The new company (“NewCo”) being governed by a new board selected by claimants and approved by the Bankruptcy Court;

NewCo potentially contributing tens of millions of doses of opioid overdose reversal and addiction treatment medications at no or low cost;

NewCo agreeing to be bound permanently by injunctive relief, including marketing restrictions on the sale and promotion of opioids; and

In addition to 100% of Purdue, the Sackler families contributing a minimum of $3 billion, with the potential for substantial further monetary contributions from the sales of their ex-U.S. pharmaceutical businesses.

They estimate this is going to cost the Sacklers $10 billion, PLUS they lose Purdue Pharma and they're forced to divest themselves from any other pharma investment they have and to turn the proceeds from the sale of those investments over to the government.

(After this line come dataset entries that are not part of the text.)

(* Positivity of the disc's area is read off the factorization of [P setT = 1]
   rather than computed. *)
Lemma unif_disc_setT_gt0 : (0 < unif_disc RD setT)%E.
Proof.
have [_ [_ [_ [_ [_ factor]]]]] := model.
have := factor (fun=> setT) (fun=> setT) (fun=> setT) (fun=> setT) (fun=> setT)
  (fun=> measurableT) (fun=> measurableT) (fun=> measurableT) (fun=> measurableT)
  (fun=> measurableT).
rewrite (_ : \bigcap_(i in _) _ = setT); last by apply/seteqP; split => // w _ i _.
rewrite probability_setT !expo_mean_setT // !mule1 => prod1.
rewrite lt0e; apply/andP; split.
  apply/eqP => u0; move: prod1; rewrite (bigD1 (Ordinal K_gt0)) //= u0 mul0e.
  by move/eqP; rewrite onee_eq0.
rewrite /unif_disc mule_ge0 // lee_fin invr_ge0 mulr_ge0 ?pi_ge0 //.
exact: sqr_ge0.
Qed.

Lemma relay_model_gain_event_gt0 (B1 B4 : set R) :
  measurable B1 -> measurable B4 ->
  (0 < expo_mean 1 B1)%E -> (0 < expo_mean OmegaLI B4)%E ->
  (0 < P [set w | forall i, B1 (gSR i w) /\ B4 (Z i w)])%E.
Proof.
move=> mB1 mB4 B1_gt0 B4_gt0; have [_ [_ [_ [_ [_ factor]]]]] := model.
have -> : [set w | forall i, B1 (gSR i w) /\ B4 (Z i w)] =
    \bigcap_(i in [set: 'I_K]) [set w | [/\ [set: R * R] (pos i w),
      B1 (gSR i w), [set: R] (gR1 i w), [set: R] (gR2 i w) & B4 (Z i w)]].
  by apply/seteqP; split => w /= Hw i; [move=> _; case: (Hw i) | case: (Hw i I)].
rewrite (factor (fun=> setT) (fun=> B1) (fun=> setT) (fun=> setT) (fun=> B4)) //.
apply: (big_ind (fun x => 0 < x)%E) => // [x y|i _]; first exact: mule_gt0.
rewrite !expo_mean_setT // !mule1.
by apply: mule_gt0 => //; apply: mule_gt0 => //; exact: unif_disc_setT_gt0.
Qed.

Lemma measurable_outage_event (alpha : R) (u1 u2 : R * R) (a1 a2 varpi gth rho : R) :
  measurable [set w | forall i : 'I_K,
    W_srs rho a1 a2 varpi
      (gSR i w * plgain alpha (dist2 (pos i w) (0, 0)))
      (gR1 i w * plgain alpha (dist2 (pos i w) u1))
      (gR2 i w * plgain alpha (dist2 (pos i w) u2)) (Z i w) < gth].
Proof.
have [mpos [mgSR [mgR1 [mgR2 [mZ _]]]]] := model.
apply: measurable_forall => i; rewrite -[X in measurable X]setTI.
apply: (measurable_fun_ltr _ (measurable_cst gth)) => //.
apply: measurable_fun_W_srs => //;
  by apply: measurable_funM => //; exact: measurable_fun_plgain_dist2.
Qed.

Lemma P_SRS_FD_bounded_below (alpha : R) (u1 u2 : R * R) (a1 a2 gth : R) :
  0 <= a1 -> 0 <= a2 -> 0 < gth ->
  exists2 c : R, 0 < c & forall rho, 0 < rho ->
    c <= fine (P_SRS P alpha u1 u2 pos gSR gR1 gR2 Z a1 a2 1 gth rho) <= 1.
Proof.
move=> a1_ge0 a2_ge0 gth_gt0; have [_ [mgSR [_ [_ [mZ _]]]]] := model.
pose M := (a2 + 1) / gth.
have M_gt0 : 0 < M by rewrite divr_gt0 // ltr_wpDl.
pose G := [set w | forall i, `[0%R, 1%R]%classic (gSR i w) /\ `[M, +oo[%classic (Z i w)].
have mG : measurable G.
  apply: measurable_forall => i; apply: measurableI.
  - by rewrite -[X in measurable X]setTI; exact: mgSR.
  - by rewrite -[X in measurable X]setTI; exact: mZ.
have G_gt0 : (0 < P G)%E.
  apply: relay_model_gain_event_gt0 => //.
  - exact: expo_mean_itv0c_gt0.
  - by apply: expo_mean_itvcy_gt0 => //; exact: ltW.
have fin_P A : measurable A -> P A \is a fin_num.
  by move=> mA; rewrite ge0_fin_numE // (le_lt_trans (probability_le1 P mA)) ?ltry.
exists (fine (P G)); first by apply: fine_gt0; rewrite G_gt0 ltey_eq fin_P.
move=> rho rho_gt0; rewrite /P_SRS; set E := [set w | _].
have mE : measurable E by exact: measurable_outage_event.
have GE : G `<=` E.
  move=> w Gw i; have [] := Gw i; rewrite /= !in_itv /= andbT => /andP[g_ge0 g_le1] ZM.
  apply: W_srs_lt => //.
    by rewrite mulr_ge0 ?plgain_ge0 //= mulr_ile1 ?plgain_ge0 ?plgain_le1.
  rewrite mul1r (lt_le_trans _ (_ : M * gth <= Z i w * gth)) ?ler_pM2r //.
  by rewrite divfK ?gt_eqF // ltrDl.
apply/andP; split.
  by apply: fine_le; [exact: fin_P | exact: fin_P | apply: le_measure; rewrite ?inE].
by have := fine_le (fin_P _ mE) (fin_numE 1) (probability_le1 P mE).
Qed.
End relay_model.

The reason they filed bankruptcy is that a Chapter 11 filing puts the settlement into motion.

Here's the multibillion-dollar question: If parties that didn't enter into the settlement class sue the Sacklers on their own, is that going to nullify the settlement framework? I'm pretty happy with the settlement as it stands; it effectlvely bars for all time the Sackler family's participation in the pharmaceutical industry. (The feds have done this before, but usually with financial types like Michael Milken.) It also appears to recoup any money they made on drugs that wound up in the black market.